Lemma matvec_inverse m M B x i :
  is_inverse m M B -> (i < m)%nat -> matvec m M (matvec m B x) i = x i.
Proof.
  intros HB Hi; rewrite matvec_matmul; unfold matvec.
  rewrite (sumR_ext m _ (fun j => idM i j * x j)) by (intros j Hj; rewrite (proj1 (HB i j Hi Hj)); reflexivity).
  apply sumR_idM; auto.
Qed.

Lemma matvec_Ta m A a x i :
  (i < m)%nat -> matvec m (Ta m A a) x i = matvec m (Tmat m A) x i + a * x i.
Proof.
  intros Hi; unfold matvec, Ta.
  rewrite <- (sumR_idM m i x Hi), <- sumR_scal, <- sumR_plus; apply sumR_ext; intros; ring.
Qed.

Definition dot (m : nat) (x z : Vec) : R := sumR m (fun i => x i * z i).

Lemma dot_comm m x z : dot m x z = dot m z x.
Proof. apply sumR_ext; intros; ring. Qed.

Lemma dot_eq0_r m x z : (forall i, (i < m)%nat -> z i = 0) -> dot m x z = 0.
Proof. intros H; apply sumR_eq0; intros; rewrite H; auto; ring. Qed.

Lemma dot_self_ge0 m x : 0 <= dot m x x.
Proof.
  rewrite <- (sumR_eq0 m (fun _ => 0)) by auto.
  apply sumR_le; intros; nra.
Qed.

Lemma dot_self_eq0 m x : dot m x x = 0 -> forall i, (i < m)%nat -> x i = 0.
Proof.
  induction m as [|m IH]; intros H i Hi; [lia|].
  change (dot m x x + x m * x m = 0) in H.
  pose proof (dot_self_ge0 m x).
  destruct (Nat.eq_dec i m) as [->|Hne]; [nra|].
  apply IH; [nra|lia].
Qed.

Lemma dot_transp m A z x : dot m (matvec m (transp A) z) x = dot m z (matvec m A x).
Proof.
  unfold dot, matvec, transp.
  rewrite (sumR_ext m _ (fun i => sumR m (fun j => z j * (A j i * x i))))
    by (intros; rewrite Rmult_comm, <- sumR_scal; apply sumR_ext; intros; ring).
  rewrite sumR_swap; apply sumR_ext; intros.
  rewrite <- sumR_scal; apply sumR_ext; intros; ring.
Qed.

Lemma matvec_Tmat m A x i : matvec m (Tmat m A) x i = matvec m (transp A) (matvec m A x) i.
Proof. symmetry; apply matvec_matmul. Qed.

Lemma dot_Tmat m A x z : dot m (matvec m (Tmat m A) x) z = dot m (matvec m A x) (matvec m A z).
Proof.
  rewrite <- dot_transp; apply sumR_ext; intros; rewrite matvec_Tmat; reflexivity.
Qed.

Lemma Tmat_sym m A x z : dot m (matvec m (Tmat m A) x) z = dot m x (matvec m (Tmat m A) z).
Proof. rewrite dot_Tmat, (dot_comm m x), dot_Tmat; apply dot_comm. Qed.

Lemma Tmat_psd m A x : 0 <= dot m (matvec m (Tmat m A) x) x.
Proof. rewrite dot_Tmat; apply dot_self_ge0. Qed.

Definition perp_ker (m : nat) (M : Mat) (y : Vec) : Prop :=
  forall v, (forall i, (i < m)%nat -> matvec m M v i = 0) -> dot m y v = 0.

Lemma quadratic_ge0_linear_coef_eq0 (D S : R) :
  0 <= S -> (forall t, 0 <= 2 * t * D + t * t * S) -> D = 0.
Proof.
  intros HS Hq; specialize (Hq (- D / (S + 1))).
  replace (2 * (- D / (S + 1)) * D + (- D / (S + 1)) * (- D / (S + 1)) * S)
    with (- (D * D) * (S + 2) / ((S + 1) * (S + 1))) in Hq by (field; lra).
  assert (0 <= - (D * D) * (S + 2)).
  { apply (Rmult_le_reg_r (/ ((S + 1) * (S + 1)))).
    - apply Rinv_0_lt_compat; nra.
    - rewrite Rmult_0_l; exact Hq. }
  nra.
Qed.
(* Let $(F,v)$ be a valued field, $\varphi=(V,q)$ a quadratic space over $F$, and $\alpha,\beta$ two $v$-norms on $V$ which are both compatible with $q$ of the same depth $\varepsilon$. Then the induced $\varepsilon$-shifted spaces $\widetilde\varphi_\alpha$ and $\widetilde\varphi_\beta$ over $\operatorname{gr}_v(F)$ are Witt equivalent (i.e. $(-\widetilde\varphi_\alpha)\perp\widetilde\varphi_\beta$ is metabolic).
   Context: $F$ has a valuation $v\colon F\to\Gamma\cup\{\infty\}$, $\Gamma$ divisible totally ordered abelian group; $\operatorname{gr}_v(F)=\bigoplus_\gamma F_{\ge\gamma}/F_{>\gamma}$. A $v$-norm on a finite-dimensional $F$-space $V$ is $\alpha\colon V\to\Gamma\cup\{\infty\}$ with $\alpha(x)=\infty\iff x=0$, $\alpha(\lambda x)=v(\lambda)+\alpha(x)$, $\alpha(x+y)\ge\min(\alpha(x),\alpha(y))$, admitting a basis $(e_i)$ with $\alpha(\sum\lambda_ie_i)=\min\alpha(\lambda_ie_i)$; $\operatorname{gr}_\alpha(V)=\bigoplus V_{\ge\gamma}/V_{>\gamma}$ and $\tilde x$ is the image of $x\ne0$ in degree $\alpha(x)$. $\alpha$ is compatible of depth $\varepsilon\ge0$ with $q$ (polar form $b_q$) if (a) $v(b_q(x,y))\ge\alpha(x)+\alpha(y)+\varepsilon$; (b) $v(q(x))\ge2\alpha(x)$; (c) every $x\ne0$ has $y\ne0$ with equality in (a). The induced space $\widetilde\varphi_\alpha=(\operatorname{gr}_\alpha(V),\tilde q_\alpha,\tilde b_\alpha)$ has $\tilde b_\alpha(\tilde x,\tilde y)=$ class of $b_q(x,y)$ in $F_{\ge\alpha(x)+\alpha(y)+\varepsilon}/F_{>\alpha(x)+\alpha(y)+\varepsilon}$ (bilinear extension), $\tilde q_\alpha(\tilde x)=$ class of $q(x)$ in $F_{\ge2\alpha(x)}/F_{>2\alpha(x)}$, extended additively if $\varepsilon>0$ and by $\tilde q_\alpha(\sum\tilde x_\gamma)=\sum\tilde q_\alpha(\tilde x_\gamma)+\sum_{\gamma<\delta}\tilde b_\alpha(\tilde x_\gamma,\tilde x_\delta)$ if $\varepsilon=0$. For such triples, $-(\mathsf V,q,b)=(\mathsf V,-q,-b)$, orthogonal sums are the obvious ones, and a triple is metabolic if it has a graded subspace $\mathsf L$ of half dimension with $q(\mathsf L)=0=b(\mathsf L,\mathsf L)$. *)

From HB Require Import structures.
From mathcomp Require Import all_boot all_order all_algebra.
Set Implicit Arguments. Unset Strict Implicit. Unset Printing Implicit Defensive.
Import Order.TTheory GRing.Theory Num.Theory.
Local Open Scope ring_scope.

(* Γ ∪ {∞} is encoded as [option Γ], with [None] = ∞. *)
Section ValGroup.
Variable G : porderZmodType.

Definition oleq (a b : option G) : bool :=
  match a, b with
  | _, None => true
  | None, Some _ => false
  | Some x, Some y => x <= y
  end.

Definition oltn (a b : option G) : bool :=
  match a, b with
  | None, _ => false
  | Some _, None => true
  | Some x, Some y => x < y
  end.

Definition oadd (a b : option G) : option G :=
  match a, b with
  | Some x, Some y => Some (x + y)
  | _, _ => None
  end.

Definition omin (a b : option G) : option G := if oleq a b then a else b.

Definition is_divisible_tot_ord_group : Prop :=
  (forall x y : G, (x <= y) || (y <= x)) /\
  (forall x y z : G, x <= y -> x + z <= y + z) /\
  (forall (x : G) (n : nat), (0 < n)%N -> exists y : G, y *+ n = x).
End ValGroup.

### EXERCISE BRIEF
Could you transcribe the entries above word for word, from the line with "Lemma dot_transp m" down to the line with "rewrite sumR_swap; apply sumR_ext; intros.", keeping both?

### ANSWER
Lemma dot_transp m A z x : dot m (matvec m (transp A) z) x = dot m z (matvec m A x).
Proof.
  unfold dot, matvec, transp.
  rewrite (sumR_ext m _ (fun i => sumR m (fun j => z j * (A j i * x i))))
    by (intros; rewrite Rmult_comm, <- sumR_scal; apply sumR_ext; intros; ring).
  rewrite sumR_swap; apply sumR_ext; intros.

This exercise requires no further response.